A faster (actually computationally slower, but faster to develop) and more complete solution is just to use off-the-shelf transformers like GPT.
import transformers
gpt_tokenizer = transformers.OpenAIGPTTokenizer.from_pretrained('openai-gpt')
gpt_model = transformers.OpenAIGPTModel.from_pretrained('openai-gpt')
ftfy or spacy is not installed using BERT BasicTokenizer instead of SpaCy & ftfy.
tokens = gpt_tokenizer.encode("some text input", return_tensors='tf')

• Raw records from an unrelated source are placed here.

(* A finite poset $P$ is a c.i.-poset if and only if it does not contain any of the following three posets as an induced subposet: $P_1$: four elements $a,b,c,d$ with $c<b<a$ and $c<d$, and no other relations (so $d$ is incomparable to $a$ and $b$); $P_2$: five elements $e,f,g,h,i$ with $f<e$, $f<g$, $h<g$, $h<i$, and no other relations; $P_3$: four elements, three pairwise incomparable elements each lying above a common fourth element, and no other relations.
   Context: A poset $Q$ is an induced subposet of $P$ if there is an injective map $\iota:Q\to P$ with $\iota(q)\le_P\iota(q')$ if and only if $q\le_Qq'$. For a finite poset $P$, a connected order ideal is a nonempty downward-closed subset whose induced Hasse diagram is connected; $\mathcal{J}_{\mathrm{conn}}(P)$ is the set of these; two connected order ideals intersect nontrivially if they are neither disjoint nor nested, and $\Pi(P)$ is the set of such unordered pairs. $P$ is a c.i.-poset if $|\mathcal{J}_{\mathrm{conn}}(P)|-|\Pi(P)|=|P|$; equivalently, for any field $k$, the presentation of the ring $R_P$ (the span in $k[x_p:p\in P]$ of the monomials $\prod_px_p^{f(p)}$ over $f:P\to\mathbb{N}$ weakly order-reversing) as a quotient of $k[U_J]_{J\in\mathcal{J}_{\mathrm{conn}}(P)}$ via $U_J\mapsto\prod_{p\in J}x_p$ is a complete intersection presentation. *)

From HB Require Import structures.
From mathcomp Require Import all_boot all_order all_algebra.
Set Implicit Arguments. Unset Strict Implicit. Unset Printing Implicit Defensive.
Import Order.TTheory GRing.Theory Num.Theory.
Local Open Scope order_scope.

Section PosetDefs.
Context {disp : Order.disp_t} {P : finPOrderType disp}.

Definition covers (x y : P) : bool :=
  (x < y) && ~~ [exists z : P, (x < z) && (z < y)].

Definition order_ideal (J : {set P}) : bool :=
  [forall x : P, forall y : P, (y \in J) && (x <= y) ==> (x \in J)].

Definition hasse_in (J : {set P}) : rel P :=
  [rel x y | [&& x \in J, y \in J & covers x y || covers y x]].
Theorem mainTheorem10 (R : realType) (K : nat) (hK : (0 < K)%N)
  (rho : 'I_K -> R) (hrho : forall k, 0 < rho k < 1)
  (hrho1 : \sum_(k < K) rho k = 1)
  (S : 'M[R]_K) (hSsym : S^T = S) (hSpos : forall k l, 0 < S k l)
  (g : Cplx R -> 'I_K -> Cplx R) (hg : QVE_solution_ext rho S g) :
  1 < lambda1 (OmegaK rho S) ->
  forall k : 'I_K, 0 < g 1 k < 1.
Proof.
move=> lambda1_gt1 k.
have rho_gt0 l : 0 < rho l by case/andP: (hrho l).
have Gamma_gt0 l m : 0 < GammaK rho S l m by rewrite GammaK_entry mulr_gt0.
have [a a_gt1 [p p_gt0 ap_le]] := GammaK_subinvariant rho_gt0 hSsym hSpos lambda1_gt1.
have [r [r_01 r_fix]] :=
  qve_real_solution (fun l m => ltW (Gamma_gt0 l m)) k a_gt1 p_gt0 ap_le.
case: hg => g_Im_gt0 g_qve g_cont.
suff -> : g 1 k = (r k)%:C by rewrite !ltcR.
apply: (continuous_within_vertical_limit (g_cont k)) => [|t t_gt0]; first by [].
have z_in : Hminus (1 - t*i) by rewrite /Hminus /= sub0r oppr_lt0.
apply: (qve_dist_sqr_le (G := GammaK rho S)) => //.
- exact: g_Im_gt0 _ z_in.
- exact: g_qve _ z_in.
Qed.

text_encoding = gpt_model(tokens)
--------------------------------------------------------------------------- AttributeError Traceback (most recent call last) <ipython-input-35-210e5781931c> in <module> 1 tokens = gpt_tokenizer.encode("some text input", return_tensors='tf') ----> 2 text_encoding = gpt_model(tokens) ~/anaconda3/envs/ai/lib/python3.8/site-packages/torch/nn/modules/module.py in _call_impl(self, *input, **kwargs) 1049 if not (self._backward_hooks or self._forward_hooks or self._forward_pre_hooks or _global_backward_hooks 1050 or _global_forward_hooks or _global_forward_pre_hooks): -> 1051 return forward_call(*input, **kwargs) 1052 # Do not call functions when jit is used 1053 full_backward_hooks, non_full_backward_hooks = [], [] ~/anaconda3/envs/ai/lib/python3.8/site-packages/transformers/models/openai/modeling_openai.py in forward(self, input_ids, attention_mask, token_type_ids, position_ids, head_mask, inputs_embeds, output_attentions, output_hidden_states, return_dict) 460 raise ValueError("You cannot specify both input_ids and inputs_embeds at the same time") 461 elif input_ids is not None: --> 462 input_shape = input_ids.size() 463 input_ids = input_ids.view(-1, input_shape[-1]) 464 elif inputs_embeds is not None: ~/anaconda3/envs/ai/lib/python3.8/site-packages/tensorflow/python/framework/ops.py in __getattr__(self, name) 394 "tolist", "data"}: 395 # TODO(wangpeng): Export the enable_numpy_behavior knob --> 396 raise AttributeError(""" 397 '{}' object has no attribute '{}'. 398 If you are looking for numpy-related methods, please run the following: AttributeError: 'EagerTensor' object has no attribute 'size'. If you are looking for numpy-related methods, please run the following: from tensorflow.python.ops.numpy_ops import np_config np_config.enable_numpy_behavior()
I didn't realize you need pytorch by default.
import torch
tokens = gpt_tokenizer.encode("some text input", return_tensors='pt')
text_encoding = gpt_model(tokens)
text_encoding
BaseModelOutput(last_hidden_state=tensor([[[ 0.0882, 0.0539, 0.3581, ..., 0.1716, -0.7176, 0.3359], [ 0.0464, 0.3434, 0.2813, ..., 0.3462, -0.6462, 0.5508], [ 0.5369, 0.1385, 1.0945, ..., 0.2260, -0.4896, 0.2685]]], grad_fn=<ViewBackward>), hidden_states=None, attentions=None)
You now have a highly informative vector representation. With pretrained transformers, you are generally good to go for advanced text data extraction.